→ **Exercise brief**:
Exactly reproduce the lines from the top of the entries below through the line containing "Lemma adjmx_delta m", with both ends included.

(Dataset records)
Lemma adjmxD m p (A B : 'M[C]_(m, p)) : adjmx (A + B) = adjmx A + adjmx B.
Proof. by rewrite /adjmx map_mxD linearD. Qed.

Lemma adjmxZ m p c (A : 'M[C]_(m, p)) : adjmx (c *: A) = c^* *: adjmx A.
Proof. by rewrite /adjmx map_mxZ linearZ. Qed.

Lemma adjmxM m p q (A : 'M[C]_(m, p)) (B : 'M[C]_(p, q)) :
  adjmx (A *m B) = adjmx B *m adjmx A.
Proof. by rewrite /adjmx map_mxM trmx_mul. Qed.

Lemma adjmxE m p (A : 'M[C]_(m, p)) i j : adjmx A i j = (A j i)^*.
Proof. by rewrite !mxE. Qed.

Lemma adjmxK m p (A : 'M[C]_(m, p)) : adjmx (adjmx A) = A.
Proof. by apply/matrixP => i j; rewrite !mxE conjcK. Qed.

Lemma adjmx_delta m p (i : 'I_m) (j : 'I_p) :
  adjmx (delta_mx i j : 'M[C]_(m, p)) = delta_mx j i.
Proof. by apply/matrixP => a b; rewrite !mxE andbC conjc_nat. Qed.

Lemma adjmx_trmxC m p (A : 'M[C]_(m, p)) : adjmx A = (A ^t*)%sesqui.
Proof. by rewrite /adjmx map_trmx. Qed.

Lemma ger0_conjc (z : C) : 0 <= z -> z^* = z.
Proof. by move/ger0_real/CrealP. Qed.

Lemma conjc_offdiag (a b x y : C) : a^* = a -> b^* = b ->
  (forall c, (a + c * x + c^* * y + c^* * c * b)^* = a + c * x + c^* * y + c^* * c * b) ->
  y^* = x.
Proof.
move=> real_a real_b real_c; move: real_a real_b (real_c 1) (real_c 'i) => {real_c}.
case: a b x y => [a1 a2] [b1 b2] [x1 x2] [y1 y2].
do 4![move=> /eqP; rewrite eq_complex /= => /andP[_ /eqP ?]].
apply/eqP; rewrite eq_complex /=; apply/andP; split; apply/eqP; lra.
Qed.

End adjoint.

Section positive_operators.
Variables (R : realType) (d : nat).
Local Notation C := R[i].
Implicit Types (A M rho : 'M[C]_d) (u v w : 'cV[C]_d).

Definition form A u w : C := (adjmx u *m A *m w) 0 0.

Lemma formDl A u v w : form A (u + v) w = form A u w + form A v w.
Proof. by rewrite /form adjmxD !mulmxDl mxE. Qed.

Lemma formDr A u v w : form A u (v + w) = form A u v + form A u w.
Proof. by rewrite /form !mulmxDr mxE. Qed.

Lemma formZl A c u w : form A (c *: u) w = c^* * form A u w.
Proof. by rewrite /form adjmxZ -!scalemxAl mxE. Qed.

Lemma formZr A c u w : form A u (c *: w) = c * form A u w.
Proof. by rewrite /form -scalemxAr mxE. Qed.

Lemma form_delta A i j : form A (delta_mx i 0) (delta_mx j 0) = A i j.
Proof. by rewrite /form adjmx_delta -rowE -colE !mxE. Qed.

Lemma psd1 : psd (1%:M : 'M[C]_d).
Proof.
move=> v; rewrite mulmx1 mxE; apply: sumr_ge0 => k _.
by rewrite !mxE mulrC mulcJ_ge0.
Qed.

Lemma psd0 : psd (0 : 'M[C]_d).
Proof. by move=> v; rewrite mulmx0 mul0mx mxE. Qed.

Lemma psdD A M : psd A -> psd M -> psd (A + M).
Proof. by move=> pA pM v; rewrite mulmxDr mulmxDl mxE addr_ge0. Qed.

Lemma psdZ (c : R) A : 0 <= c -> psd A -> psd (c%:C *: A).
Proof.
by move=> c0 pA v; rewrite -scalemxAr -scalemxAl mxE mulr_ge0 ?ler0c.
Qed.

Lemma psd_sum (I : finType) (P : pred I) (F : I -> 'M[C]_d) :
  (forall i, P i -> psd (F i)) -> psd (\sum_(i | P i) F i).
Proof.
move=> pF v; rewrite mulmx_sumr mulmx_suml summxE.
by apply: sumr_ge0 => i /pF; apply.
Qed.

(* Positivity of the form at [e_i + e_j] and [e_i + 'i e_j] makes [A_ij + A_ji]
   and ['i (A_ij - A_ji)] real. *)
Lemma psd_adjmx A : psd A -> adjmx A = A.
Proof.
move=> pA; apply/matrixP => i j; rewrite adjmxE.
set e := fun k => delta_mx k 0 : 'cV[C]_d.
have formE c : form A (e i + c *: e j) (e i + c *: e j) =
    A i i + c * A i j + c^* * A j i + c^* * c * A j j.
  by rewrite formDl !formDr !formZl !formZr !form_delta mulrA addrA.
have real_diag k : (A k k)^* = A k k by rewrite -form_delta; apply/ger0_conjc/pA.
apply: conjc_offdiag (real_diag i) (real_diag j) _ => c.
by rewrite -formE; apply/ger0_conjc/pA.
Qed.

Lemma psd_conj_diag_ge0 (P : 'M[C]_d) A i : psd A -> 0 <= (P *m A *m adjmx P) i i.
Proof.
move=> pA; have := pA (adjmx (row i P)); rewrite adjmxK.
suff -> : (P *m A *m adjmx P) i i = (row i P *m A *m adjmx (row i P)) 0 0 by [].
rewrite !mxE; apply: eq_bigr => k _; rewrite !mxE; congr (_ * _).
by apply: eq_bigr => l _; rewrite !mxE.
Qed.

(* Diagonalize [rho = P^* D P] with [P] unitary; then [tr (rho M)] is the sum of
   the products of the diagonal entries of [P rho P^*] and [P M P^*]. *)
Lemma tr_mul_psd_ge0 rho M : psd rho -> psd M -> 0 <= \tr (rho *m M).
Proof.
move=> prho pM.
have normal_rho : rho \is normalmx.
  by apply/normalmxP; rewrite -adjmx_trmxC psd_adjmx.
have P_unitary := spectral_unitarymx rho.
have rhoE := orthomx_spectralP normal_rho.
set P := spectralmx rho in rhoE P_unitary *; set D := spectral_diag rho in rhoE *.
rewrite (invmx_unitary P_unitary) in rhoE.
have diagE : P *m rho *m adjmx P = diag_mx D.
  by rewrite rhoE adjmx_trmxC !mulmxA (unitarymxP P_unitary) mul1mx mulmxtVK.
rewrite rhoE -!mulmxA mxtrace_mulC -!mulmxA mxtrace_mulC !mulmxA -adjmx_trmxC.
rewrite /mxtrace; apply: sumr_ge0 => i _.
rewrite mul_mx_diag mxE mulr_ge0 ?psd_conj_diag_ge0 //.
by have := psd_conj_diag_ge0 P i prho; rewrite diagE mxE eqxx mulr1n.
Qed.

Definition pure_state v : 'M[C]_d := (form 1%:M v v)^-1 *: (v *m adjmx v).

Lemma tr_pure_state v M : form 1%:M v v != 0 ->
  \tr (pure_state v *m M) = (form 1%:M v v)^-1 * form M v v.
Proof.
move=> v_neq0; rewrite /pure_state -scalemxAl mxtraceZ -mulmxA mxtrace_mulC.
by rewrite /mxtrace big_ord1.
Qed.

Lemma pure_state_density v : form 1%:M v v != 0 -> density (pure_state v).
Proof.
move=> v_neq0; split; last by rewrite -[pure_state v]mulmx1 tr_pure_state // mulVf.
move=> u; rewrite /pure_state -scalemxAr -scalemxAl mxE mulr_ge0 ?invr_ge0 ?psd1 //.
rewrite !mulmxA -[_ *m v *m _ *m u]mulmxA mxE big_ord1.
have -> : adjmx v *m u = adjmx (adjmx u *m v) by rewrite adjmxM adjmxK.
by rewrite adjmxE mulcJ_ge0.
Qed.

Lemma density_exists : (0 < d)%N -> exists rho, density rho.
Proof.
move=> d_gt0; pose e : 'cV[C]_d := delta_mx (Ordinal d_gt0) 0.
by exists (pure_state e); apply: pure_state_density; rewrite form_delta mxE eqxx oner_eq0.
Qed.

End positive_operators.

Section probabilities.
Variables (R : realType) (d n : nat).
Local Notation C := R[i].
Implicit Types (M rho : 'M[C]_d) (A : 'I_n -> 'M[C]_d).

Definition prob rho M : R := complex.Re (\tr (rho *m M)).

Lemma tr_mul_psdE rho M : psd rho -> psd M -> \tr (rho *m M) = (prob rho M)%:C.
Proof. by move=> prho pM; rewrite RRe_real // ger0_real // tr_mul_psd_ge0. Qed.

Lemma prob_ge0 rho M : psd rho -> psd M -> 0 <= prob rho M.
Proof. by move=> prho pM; rewrite -ler0c -tr_mul_psdE // tr_mul_psd_ge0. Qed.

Lemma sum_prob rho A : density rho -> observable A -> \sum_j prob rho (A j) = 1.
Proof.
move=> [prho tr1] [pA sumA]; apply: (@complexI R); rewrite rmorph_sum /=.
under eq_bigr => j _ do rewrite -tr_mul_psdE //.
by rewrite -raddf_sum -mulmx_sumr sumA mulmx1; apply: tr1.
Qed.

Lemma Re_norm_tr_sub rho A B j : density rho -> observable A -> observable B ->
  complex.Re `|\tr (rho *m (A j - B j))| = `|prob rho (A j) - prob rho (B j)|.
Proof.
move=> [prho _] [pA _] [pB _].
rewrite mulmxBr raddfB /= !tr_mul_psdE // -rmorphB /=.
by rewrite expr0n addr0 sqrtr_sqr.
Qed.

Lemma psd_1_sub_obs A j : observable A -> psd (1%:M - A j).
Proof.
move=> [pA sumA]; rewrite -sumA (bigD1 j) //= addrC addrK.
by apply: psd_sum => k _; apply: pA.
Qed.

Lemma observable_n_gt0 A : (0 < d)%N -> observable A -> (0 < n)%N.
Proof.
move=> d_gt0 [_ sumA]; case: n A sumA => // A.
move/matrixP/(_ (Ordinal d_gt0) (Ordinal d_gt0)).
by rewrite big_ord0 !mxE eqxx => /eqP; rewrite eq_sym oner_eq0.
Qed.

Definition sharp_obs j : 'I_n -> 'M[C]_d := fun k => if k == j then 1%:M else 0.

Lemma sharp_obs_observable j : observable (sharp_obs j).
Proof.
split=> [k|]; first by rewrite /sharp_obs; case: eqP => _; [apply: psd1 | apply: psd0].
rewrite (bigD1 j) //= big1 => [|k /negbTE]; first by rewrite /sharp_obs eqxx addr0.
by rewrite /sharp_obs => ->.
Qed.

Lemma prob_sharp_obs rho j k : density rho -> prob rho (sharp_obs j k) = (k == j)%:R.
Proof.
move=> [_ tr1]; rewrite /sharp_obs /prob; case: eqP => _.
  by rewrite mulmx1 tr1.
by rewrite mulmx0 linear0.
Qed.

Lemma wcomb0 A B : wcomb A B 0 = A.
Proof. by apply: funext => j; rewrite /wcomb subr0 invr1 scale0r subr0 scale1r. Qed.

End probabilities.

Arguments sharp_obs {R d n}.
Arguments sharp_obs_observable {R d n}.

Section boundariness_and_distance.
Variables (R : realType) (d n : nat) (Cobs : 'I_n -> 'M[R[i]]_d).
Hypotheses (Cobs_obs : observable Cobs) (d_gt0 : (0 < d)%N).
Local Notation C := R[i].
Implicit Types (rho : 'M[C]_d) (A x : 'I_n -> 'M[C]_d).

Definition outcome_probs :=
  [set prob rho (Cobs j) | j in [set: 'I_n] & rho in @density R d].

(* The least eigenvalue of the [C_j]. *)
Definition min_prob := inf outcome_probs.

Lemma outcome_probs_nonempty : outcome_probs !=set0.
Proof.
have [rho rho_dens] := density_exists R d_gt0.
have j : 'I_n := Ordinal (observable_n_gt0 d_gt0 Cobs_obs).
by exists (prob rho (Cobs j)), j => //; exists rho.
Qed.

Lemma outcome_probs_ge0 : lbound outcome_probs 0.
Proof. by move=> _ [j _ [rho [prho _] <-]]; apply: prob_ge0 (Cobs_obs.1 j). Qed.

Lemma min_prob_ge0 : 0 <= min_prob.
Proof. exact: lb_le_inf outcome_probs_nonempty outcome_probs_ge0. Qed.

Lemma min_prob_le rho j : density rho -> min_prob <= prob rho (Cobs j).
Proof.
move=> rho_dens; apply: ge_inf; first by exists 0; apply: outcome_probs_ge0.
by exists j => //; exists rho.
Qed.

Lemma min_prob_le1 : min_prob <= 1.
Proof.
have [_ [j _ [rho rho_dens _]]] := outcome_probs_nonempty.
apply: le_trans (min_prob_le j rho_dens) _.
rewrite -(sum_prob rho_dens Cobs_obs) ler_term_sum // => k.
exact: prob_ge0 rho_dens.1 (Cobs_obs.1 k).
Qed.

(* [tr (rho C_j) >= min_prob] for the pure state [rho] along [v]. *)
Lemma psd_obs_sub_min_prob j : psd (Cobs j - (min_prob%:C)%:M).
Proof.
move=> v; change (0 <= form (Cobs j - (min_prob%:C)%:M) v v).
have -> : form (Cobs j - (min_prob%:C)%:M) v v =
    form (Cobs j) v v - min_prob%:C * form 1%:M v v.
  by rewrite /form mulmxBr mulmxBl -[(_%:C)%:M]scalemx1 -scalemxAr -scalemxAl !mxE.
have [->|v_neq0] := eqVneq (form 1%:M v v) 0; first by rewrite mulr0 subr0; apply: Cobs_obs.1.
have rho_dens := pure_state_density v_neq0.
have formE : form (Cobs j) v v = form 1%:M v v * (prob (pure_state v) (Cobs j))%:C.
  rewrite -tr_mul_psdE; [|exact: rho_dens.1|exact: Cobs_obs.1].
  by rewrite tr_pure_state // mulVKf.
rewrite formE [_ * form _ _ _]mulrC -mulrBr mulr_ge0 ?psd1 //.
by rewrite subr_ge0 lecR min_prob_le.
Qed.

→ **Answer section**:
Lemma adjmxD m p (A B : 'M[C]_(m, p)) : adjmx (A + B) = adjmx A + adjmx B.
Proof. by rewrite /adjmx map_mxD linearD. Qed.

Lemma adjmxZ m p c (A : 'M[C]_(m, p)) : adjmx (c *: A) = c^* *: adjmx A.
Proof. by rewrite /adjmx map_mxZ linearZ. Qed.

Lemma adjmxM m p q (A : 'M[C]_(m, p)) (B : 'M[C]_(p, q)) :
  adjmx (A *m B) = adjmx B *m adjmx A.
Proof. by rewrite /adjmx map_mxM trmx_mul. Qed.

Lemma adjmxE m p (A : 'M[C]_(m, p)) i j : adjmx A i j = (A j i)^*.
Proof. by rewrite !mxE. Qed.

Lemma adjmxK m p (A : 'M[C]_(m, p)) : adjmx (adjmx A) = A.
Proof. by apply/matrixP => i j; rewrite !mxE conjcK. Qed.

Lemma adjmx_delta m p (i : 'I_m) (j : 'I_p) :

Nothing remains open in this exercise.